多层人工神经网络被广泛应用于模式识别、图像处理、函数逼近和优化计算等领域,多层人工网络在近年来由于其较高的识别准确度和较好的可并行性,受到学术界和工业界越来越广泛的关注。
为了适应越来越来高的任务需求,神经网络的规模变得越来越庞大,目前大型的卷积神经网络已经包含了上百层的网络层结构。随之带来的问题神经网络需要做更大量的运算,特别是卷积神经网络,大量的卷积运算降低了神经网络的运算速度,影响神经网络在实际应用场合的使用。
发明内容
有鉴于此,本披露的目的在于提供一种神经网络卷积运算装置神经网络的卷积运算及方法,以至少部分解决以上所述的技术问题。
本披露一方面提供一种神经网络卷积运算装置,用于以矩阵乘法的方式实现神经网络中的权值矩阵与神经元的卷积运算,其中包括:
移位运算器,用于对所述神经元矩阵和权值矩阵分别进行winograd变换,得到变换后神经元矩阵和变换后权值矩阵;
矩阵乘法运算器,用于将所述变换后神经元矩阵和变换后权值矩阵进行对位相乘的矩阵乘法操作,得到乘法矩阵;
所述移位运算器还用于将所述乘法矩阵进行winograd反变换,得到卷积运算结果;
控制器,用于控制所述移位运算器进行winograd变换或winograd反变换,还用于控制所述矩阵乘法运算器进行矩阵乘法操作。
在进一步的实施方案中,还包括片上缓存,用于存储所述神经元矩阵和权值矩阵,还用于存储对神经元矩阵进行winograd变换的变换矩阵C,用于存储对权值矩阵进行winograd变换的变换矩阵G。
在进一步的实施方案中,所述变换矩阵C和所述变换矩阵G中的元素数值独立为±2n或0,n为整数。
在进一步的实施方案中,所述片上缓存还用于存储进行winograd反变换矩阵,还用于存储对神经元矩阵进行winograd反变换的反变换矩阵A。
在进一步的实施方案中,所述反变换矩阵A中的元素数值为±2n或0,n为整数。
在进一步的实施方案中,所述控制器还用于根据所述变换矩阵C或其转置矩阵CT,控制所述移位运算器对神经元矩阵或权值矩阵中各元素的二进制数值独立进行左移或右移;或根据所述变换矩阵G或其转置矩阵GT,控制所述移位运算器对权值矩阵中各元素二进制数值独立进行左移或右移。
在进一步的实施方案中,所述控制器还用于根据所述反变换矩阵A或其转置矩阵AT,对乘法矩阵中各元素的二进制数值独立进行左移或右移。
在进一步的实施方案中,还包括稀疏化处理单元,用于所述变换后权值矩阵进行稀疏化处理,生成一二进制的稀疏序列,其中,“0”对应变换后权值矩阵中数值为“0”的元素,“1”对应变换后权值矩阵中数值不为0的元素;优选的,所述稀疏序列从高位至低位对应变换后权值矩阵逐行或逐列读取的元素。

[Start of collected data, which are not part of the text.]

(* Let $\Omega$ be a state space with finitely many extreme points and positive cone $V_+$. If a linear map $J:V\to V$ is strictly positive with respect to an inner product $(\cdot,\cdot)$ on $V$ and satisfies $J(V_+)=V_+$, then for each extreme point $\omega^{\mathrm{ext}}$ of $\Omega$ there exists $\mu(\omega^{\mathrm{ext}})>0$ such that $J(\omega^{\mathrm{ext}})=\mu(\omega^{\mathrm{ext}})\omega^{\mathrm{ext}}$.
   Context: $V=\mathbb R^{N+1}$. A state space $\Omega\subset V$ is a compact convex set with $\mathrm{span}(\Omega)=V$ and $0\notin\mathrm{aff}(\Omega)$; $V_+=\{\lambda\omega:\lambda\ge0,\omega\in\Omega\}$. A linear map $J$ is strictly positive with respect to $(\cdot,\cdot)$ if $(x,Jy)=(Jx,y)$ for all $x,y$ and $(x,Jx)>0$ for all nonzero $x$. *)

From HB Require Import structures.
From mathcomp Require Import all_boot all_order all_algebra.
From mathcomp Require Import all_classical all_reals all_analysis.
Set Implicit Arguments. Unset Strict Implicit. Unset Printing Implicit Defensive.
Import Order.TTheory GRing.Theory Num.Theory.
Import numFieldNormedType.Exports.
Local Open Scope classical_set_scope.
Local Open Scope ring_scope.

(* V = R^(N+1), realised as row vectors 'rV[R]_(N.+1); a linear map
   J : V -> V is a matrix acting on the right: x |-> x *m J. *)

Definition convex_set (R : realType) (n : nat) (S : set 'rV[R]_n) : Prop :=
  forall x y t, S x -> S y -> 0 <= t -> t <= 1 -> S (t *: x + (1 - t) *: y).

Definition extreme_point (R : realType) (n : nat) (S : set 'rV[R]_n)
  (w : 'rV[R]_n) : Prop :=
  S w /\ forall x y t, S x -> S y -> 0 < t -> t < 1 ->
    w = t *: x + (1 - t) *: y -> x = w /\ y = w.

Definition spans_all (R : realType) (n : nat) (S : set 'rV[R]_n) : Prop :=
  forall v : 'rV[R]_n, exists (k : nat) (c : 'I_k -> R) (w : 'I_k -> 'rV[R]_n),
    (forall i, S (w i)) /\ v = \sum_(i < k) c i *: w i.

Definition in_aff (R : realType) (n : nat) (S : set 'rV[R]_n) (v : 'rV[R]_n) : Prop :=
  exists (k : nat) (c : 'I_k -> R) (w : 'I_k -> 'rV[R]_n),
    (forall i, S (w i)) /\ \sum_(i < k) c i = 1 /\ v = \sum_(i < k) c i *: w i.

Definition state_space (R : realType) (N : nat) (Om : set 'rV[R]_N.+1) : Prop :=
  compact Om /\ convex_set Om /\ spans_all Om /\ ~ in_aff Om 0.

Definition pos_cone (R : realType) (n : nat) (Om : set 'rV[R]_n) : set 'rV[R]_n :=
  [set v | exists lam om, 0 <= lam /\ Om om /\ v = lam *: om].

Definition inner_product (R : realType) (n : nat) (ip : 'rV[R]_n -> 'rV[R]_n -> R) : Prop :=
  (forall a x y z, ip (a *: x + y) z = a * ip x z + ip y z) /\
  (forall x y, ip x y = ip y x) /\
  (forall x, x != 0 -> 0 < ip x x).

Definition strictly_positive (R : realType) (n : nat) (ip : 'rV[R]_n -> 'rV[R]_n -> R)
  (J : 'M[R]_n) : Prop :=
  (forall x y, ip x (y *m J) = ip (x *m J) y) /\
  (forall x, x != 0 -> 0 < ip x (x *m J)).

From HB Require Import structures.
From mathcomp Require Import all_boot all_order all_algebra.
From mathcomp Require Import all_classical all_reals all_analysis.
Set Implicit Arguments. Unset Strict Implicit. Unset Printing Implicit Defensive.
Import Order.TTheory GRing.Theory Num.Theory.
Import numFieldNormedType.Exports.
Local Open Scope classical_set_scope.
Local Open Scope ring_scope.

(* A strictly positive J is injective and maps the cone V_+ onto itself, so it sends
   extreme rays to extreme rays: w J = c e with c > 0 and e extreme.  With finitely
   many extreme rays the orbit of w returns, w J^k = rho w with rho > 0.  Put
   mu = rho^(1/k) and x = w J - mu w; then
   x (sum_i mu^(k-1-i) J^i) = w J^k - mu^k w = 0, whereas
   (x, x sum_i mu^(k-1-i) J^i) > 0 for x <> 0 because every power of J is strictly
   positive.  Hence x = 0. *)

Section StrictlyPositive.
Variables (R : realType) (n : nat) (ip : 'rV[R]_n -> 'rV[R]_n -> R) (J : 'M[R]_n).
Hypotheses (ip_inner : inner_product ip) (J_pos : strictly_positive ip J).

Lemma ip0l z : ip 0 z = 0.
Proof.
have [linl _] := ip_inner; apply: (addrI (ip 0 z)).
by rewrite addr0 -{1}(mul1r (ip 0 z)) -linl scale1r addr0.
Qed.

Lemma ip0r z : ip z 0 = 0.
Proof. by have [_ [-> _]] := ip_inner; rewrite ip0l. Qed.

Lemma ip_sumr k (c : 'I_k -> R) (v : 'I_k -> 'rV[R]_n) x :
  ip x (\sum_(i < k) c i *: v i) = \sum_(i < k) c i * ip x (v i).
Proof.
have [linl [ipC _]] := ip_inner.
apply: (big_rec2 (fun a b => ip x b = a)); first exact: ip0r.
by move=> i y1 y2 _ <-; rewrite ipC linl !(ipC x).
Qed.

Lemma mulmx_neq0 (x : 'rV[R]_n) : x != 0 -> x *m J != 0.
Proof.
move=> x_neq0; apply: contraTneq (J_pos.2 x x_neq0) => ->.
by rewrite ip0r ltxx.
Qed.

Lemma mulmx_inj : injective (fun x : 'rV[R]_n => x *m J).
Proof.
move=> x y /eqP; rewrite -subr_eq0 -mulmxBl => xyJ0.
by apply/eqP; rewrite -subr_eq0; apply: contraTT xyJ0; apply: mulmx_neq0.
Qed.

(* Self-adjointness gives [ip x (x *m J ^+ m.+2) = ip y (y *m J ^+ m)] with
   [y = x *m J], so a two-step induction reduces to m = 0 and m = 1. *)
Lemma ip_mulmx_expn_gt0 m (x : 'rV[R]_n) : x != 0 -> 0 < ip x (x *m J ^+ m).
Proof.
suff Pm : (forall x, x != 0 -> 0 < ip x (x *m J ^+ m)) /\
          (forall x, x != 0 -> 0 < ip x (x *m J ^+ m.+1)) by apply: Pm.1.
elim: m => [|m [IHm IHm1]]; split => // {}x x_neq0.
- by rewrite expr0 mulmx1; have [_ [_ ->]] := ip_inner.
- by rewrite expr1; apply: J_pos.2.
have -> : x *m J ^+ m.+2 = x *m J *m J ^+ m *m J.
  by rewrite exprS exprSr -!mulmxE !mulmxA.
by rewrite J_pos.1; apply/IHm/mulmx_neq0.
Qed.

Lemma ip_sum_expn_gt0 k (c : 'I_k.+1 -> R) (x : 'rV[R]_n) :
  (forall i, 0 < c i) -> x != 0 -> 0 < ip x (x *m \sum_(i < k.+1) c i *: J ^+ i).
Proof.
move=> c_gt0 x_neq0.
rewrite mulmx_sumr; under eq_bigr do rewrite -scalemxAr.
rewrite ip_sumr big_ord_recl.
apply: ltr_pwDl; first by rewrite mulr_gt0 ?ip_mulmx_expn_gt0.
by apply: sumr_ge0 => i _; rewrite mulr_ge0 ?ltW ?ip_mulmx_expn_gt0.
Qed.

Lemma subr_expn_scalar_factor k mu : J ^+ k - (mu ^+ k)%:M =
  (J - mu%:M) *m \sum_(i < k) mu ^+ (k.-1 - i) *: J ^+ i.
Proof.
apply: oppr_inj; rewrite opprB -mulNmx opprB rmorphXn subrXX_comm; last first.
  exact: comm_scalar_mx.
by congr (_ * _); apply: eq_bigr => i _; rewrite -rmorphXn -mulmxE mul_scalar_mx.
Qed.

Lemma eigenvector_from_power (w : 'rV[R]_n) k rho : (0 < k)%N -> 0 < rho ->
  w *m J ^+ k = rho *: w -> exists mu, 0 < mu /\ w *m J = mu *: w.
Proof.
case: k => // k _ rho_gt0 wJk.
pose mu := rho `^ k.+1%:R^-1.
have mu_gt0 : 0 < mu by apply: powR_gt0.
have muk : mu ^+ k.+1 = rho.
  by rewrite -powR_mulrn ?powR_ge0 // -powRrM mulVf ?powRr1 ?ltW // pnatr_eq0.
exists mu; split => //; apply/eqP; rewrite -subr_eq0; apply/negPn/negP => x_neq0.
have := ip_sum_expn_gt0 (c := fun i : 'I_k.+1 => mu ^+ (k - i))
  (fun i => exprn_gt0 _ mu_gt0) x_neq0.
rewrite -mul_mx_scalar -mulmxBr -mulmxA -subr_expn_scalar_factor.
by rewrite !mulmxBr !mul_mx_scalar wJk muk subrr ip0r ltxx.
Qed.

End StrictlyPositive.

Lemma finite_range_collision T (S : set T) (f : nat -> T) :
  finite_set S -> (forall m, S (f m)) -> exists i j, (i < j)%N /\ f i = f j.
Proof.
move=> S_fin fS; apply: contrapT => no_collision.
have f_inj : {in [set: nat] &, injective f}.
  move=> i j _ _ fij; case: (ltngtP i j) => // ij; exfalso; apply: no_collision.
  - by exists i, j.
  - by exists j, i.
apply: infinite_nat; rewrite -(eq_finite_set (inj_card_eq f_inj)).
by apply: sub_finite_set S_fin; move=> _ [m _ <-].
Qed.

Section ExtremeRays.
Variables (R : realType) (n : nat) (Om : set 'rV[R]_n) (J : 'M[R]_n).
Hypothesis Om_aff : ~ in_aff Om 0.

Lemma state_lin_rel_sum_eq0 k (c : 'I_k -> R) (v : 'I_k -> 'rV[R]_n) :
  (forall i, Om (v i)) -> \sum_(i < k) c i *: v i = 0 -> \sum_(i < k) c i = 0.
Proof.
move=> Omv cv0; apply: contrapT => /eqP s_neq0; apply: Om_aff.
exists k, (fun i => c i / \sum_(j < k) c j), v; split=> //; split.
  by rewrite -mulr_suml divff.
rewrite (eq_bigr (fun i => (\sum_(j < k) c j)^-1 *: (c i *: v i))).
  by rewrite -scaler_sumr cv0 scaler0.
by move=> i _; rewrite scalerA mulrC.
Qed.

Lemma state_lin_rel3 (x y z : 'rV[R]_n) (p q r : R) : Om x -> Om y -> Om z ->
  p *: x + q *: y + r *: z = 0 -> p + q + r = 0.
Proof.
move=> Ox Oy Oz.
have := @state_lin_rel_sum_eq0 3 (fun i => [:: p; q; r]`_i) (fun i => [:: x; y; z]`_i).
rewrite !big_ord_recl !big_ord0 /= !addr0 !addrA; apply.
by case=> [[|[|[]]]].
Qed.

Lemma state_neq0 x : Om x -> x != 0.
Proof.
move=> Ox; apply/eqP => x0; have := @state_lin_rel3 x x x 1 0 0 Ox Ox Ox.
by rewrite x0 !scaler0 !addr0 => /(_ erefl) /eqP; rewrite oner_eq0.
Qed.

Lemma state_scale_eq1 x y a : Om x -> Om y -> a *: x = y -> a = 1.
Proof.
move=> Ox Oy axy; have := @state_lin_rel3 y x x 1 (- a) 0 Oy Ox Ox.
rewrite scale1r scaleNr axy subrr scale0r !addr0 => /(_ erefl) /eqP.
by rewrite subr_eq0 eq_sym => /eqP.
Qed.

Lemma pos_cone_state x : Om x -> pos_cone Om x.
Proof. by move=> Ox; exists 1, x; rewrite scale1r. Qed.

Hypotheses (J_inj : injective (fun x : 'rV[R]_n => x *m J))
           (J_cone : (fun x => x *m J) @` pos_cone Om = pos_cone Om).

Lemma state_mulmx w : Om w -> exists c e, 0 < c /\ Om e /\ w *m J = c *: e.
Proof.
move=> Ow; have : pos_cone Om (w *m J).
  by rewrite -J_cone; exists w => //; apply: pos_cone_state.
case=> c [e [c_ge0 [Oe wJ]]]; exists c, e; split => //.
rewrite lt_def c_ge0 andbT; move: (state_neq0 Ow); apply: contra_neq => c0.
by apply: J_inj; rewrite /= wJ c0 scale0r mul0mx.
Qed.

Lemma state_preimage x : Om x -> exists l a, 0 < l /\ Om a /\ (l *: a) *m J = x.
Proof.
move=> Ox; have : pos_cone Om x by apply: pos_cone_state.
rewrite -J_cone => -[_ [l [a [l_ge0 [Oa ->]]]] laJ]; exists l, a; split => //.
rewrite lt_def l_ge0 andbT; move: (state_neq0 Ox); apply: contra_neq => l0.
by rewrite -laJ l0 scale0r mul0mx.
Qed.

Lemma extreme_mulmx w : extreme_point Om w ->
  exists c e, 0 < c /\ extreme_point Om e /\ w *m J = c *: e.
Proof.
move=> [Ow w_ext]; have [c [e [c_gt0 [Oe wJ]]]] := state_mulmx Ow.
exists c, e; split => //; split => //; split => // x y t Ox Oy t_gt0 t_lt1 e_xy.
have [a [x' [a_gt0 [Ox' x'J]]]] := state_preimage Ox.
have [b [y' [b_gt0 [Oy' y'J]]]] := state_preimage Oy.
pose p := c * t * a; pose q := c * (1 - t) * b.
have w_xy : w = p *: x' + q *: y'.
  apply: J_inj; rewrite /= wJ e_xy -x'J -y'J mulmxDl -!scalemxAl.
  by rewrite !scalerDr !scalerA.
have pq1 : p + q = 1.
  have := @state_lin_rel3 _ _ _ p q (-1) Ox' Oy' Ow.
  by rewrite scaleN1r -w_xy subrr => /(_ erefl) /eqP; rewrite subr_eq0 => /eqP.
have p_gt0 : 0 < p by rewrite !mulr_gt0.
have q_gt0 : 0 < q by rewrite !mulr_gt0 // subr_gt0.
have p_lt1 : p < 1 by rewrite -pq1 ltrDl.
have q_def : q = 1 - p by rewrite -pq1 addrC addKr.
have [x'w y'w] := w_ext x' y' p Ox' Oy' p_gt0 p_lt1 ltac:(by rewrite -q_def).
subst x' y'.
have fix_e z l : Om z -> (l *: w) *m J = z -> z = e.
  move=> Oz; rewrite -scalemxAl wJ scalerA => lce.
  by rewrite -lce (state_scale_eq1 Oe Oz lce) scale1r.
by split; [apply: (fix_e x a) | apply: (fix_e y b)].
Qed.

Lemma extreme_mulmx_expn m w : extreme_point Om w ->
  exists c e, 0 < c /\ extreme_point Om e /\ w *m J ^+ m = c *: e.
Proof.
move=> w_ext; elim: m => [|m [c [e [c_gt0 [e_ext wJm]]]]].
  by exists 1, w; rewrite expr0 mulmx1 scale1r.
have [c' [e' [c'_gt0 [e'_ext eJ]]]] := extreme_mulmx e_ext.
exists (c * c'), e'; split; first exact: mulr_gt0.
by rewrite exprSr -mulmxE mulmxA wJm -scalemxAl eJ scalerA.
Qed.

Lemma mulmx_expn_inj m : injective (fun x : 'rV[R]_n => x *m J ^+ m).
Proof.
elim: m => [|m IHm] x y /=; first by rewrite expr0 !mulmx1.
by rewrite exprSr -mulmxE !mulmxA => /J_inj /IHm.
Qed.

Hypothesis extreme_fin : finite_set (extreme_point Om).

Lemma extreme_expn_eigen w : extreme_point Om w ->
  exists k rho, (0 < k)%N /\ 0 < rho /\ w *m J ^+ k = rho *: w.
Proof.
move=> w_ext.
have /choice [c /choice [e ce]] := fun m => extreme_mulmx_expn m w_ext.
have [i [j [lt_ij e_ij]]] := finite_range_collision extreme_fin (fun m => (ce m).2.1).
have [ci_gt0 [_ wJi]] := ce i; have [cj_gt0 [_ wJj]] := ce j.
exists (j - i)%N, (c j / c i); split; first by rewrite subn_gt0.
split; first by rewrite divr_gt0.
apply: (@mulmx_expn_inj i) => /=.
rewrite -mulmxA mulmxE -exprD subnK ?(ltnW lt_ij) // wJj -scalemxAl wJi scalerA.
by rewrite divfK ?gt_eqF // e_ij.
Qed.

End ExtremeRays.

Theorem lemmaB3 (R : realType) (N : nat) (Om : set 'rV[R]_N.+1)
  (ip : 'rV[R]_N.+1 -> 'rV[R]_N.+1 -> R) (J : 'M[R]_N.+1) :
  state_space Om ->
  finite_set (extreme_point Om) ->
  inner_product ip ->
  strictly_positive ip J ->
  (fun x => x *m J) @` pos_cone Om = pos_cone Om ->
  forall w, extreme_point Om w ->
    exists mu : R, 0 < mu /\ w *m J = mu *: w.
Proof.
move=> [_ [_ [_ Om_aff]]] extreme_fin ip_inner J_pos J_cone w w_ext.
have J_inj := mulmx_inj ip_inner J_pos.
have [k [rho [k_gt0 [rho_gt0 wJk]]]] :=
  extreme_expn_eigen Om_aff J_inj J_cone extreme_fin w_ext.
exact: (eigenvector_from_power ip_inner J_pos k_gt0 rho_gt0 wJk).
Qed.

在进一步的实施方案中,还包括映射单元,所述映射单元生成稀疏序列与变换后神经元矩阵中元素位置的映射关系表,稀疏序列的第K位对应M行×N列神经元矩阵中第i行第j列元素,且满足(i-1)×N+j=K或者(j-1)×M+i=K。
在进一步的实施方案中,所述控制器还用于根据所述映射关系表,控制所述矩阵乘法运算器进行矩阵乘法操作,其中,稀疏序列中为“0”的位对应神经元矩阵中的相应元素不进行矩阵乘法运算。
在进一步的实施方案中,还包括加法器,用于在所述神经元矩阵和权值矩阵分别进行winograd变换时,对移位运算器移位运算后的结果按照矩阵乘法规则累加。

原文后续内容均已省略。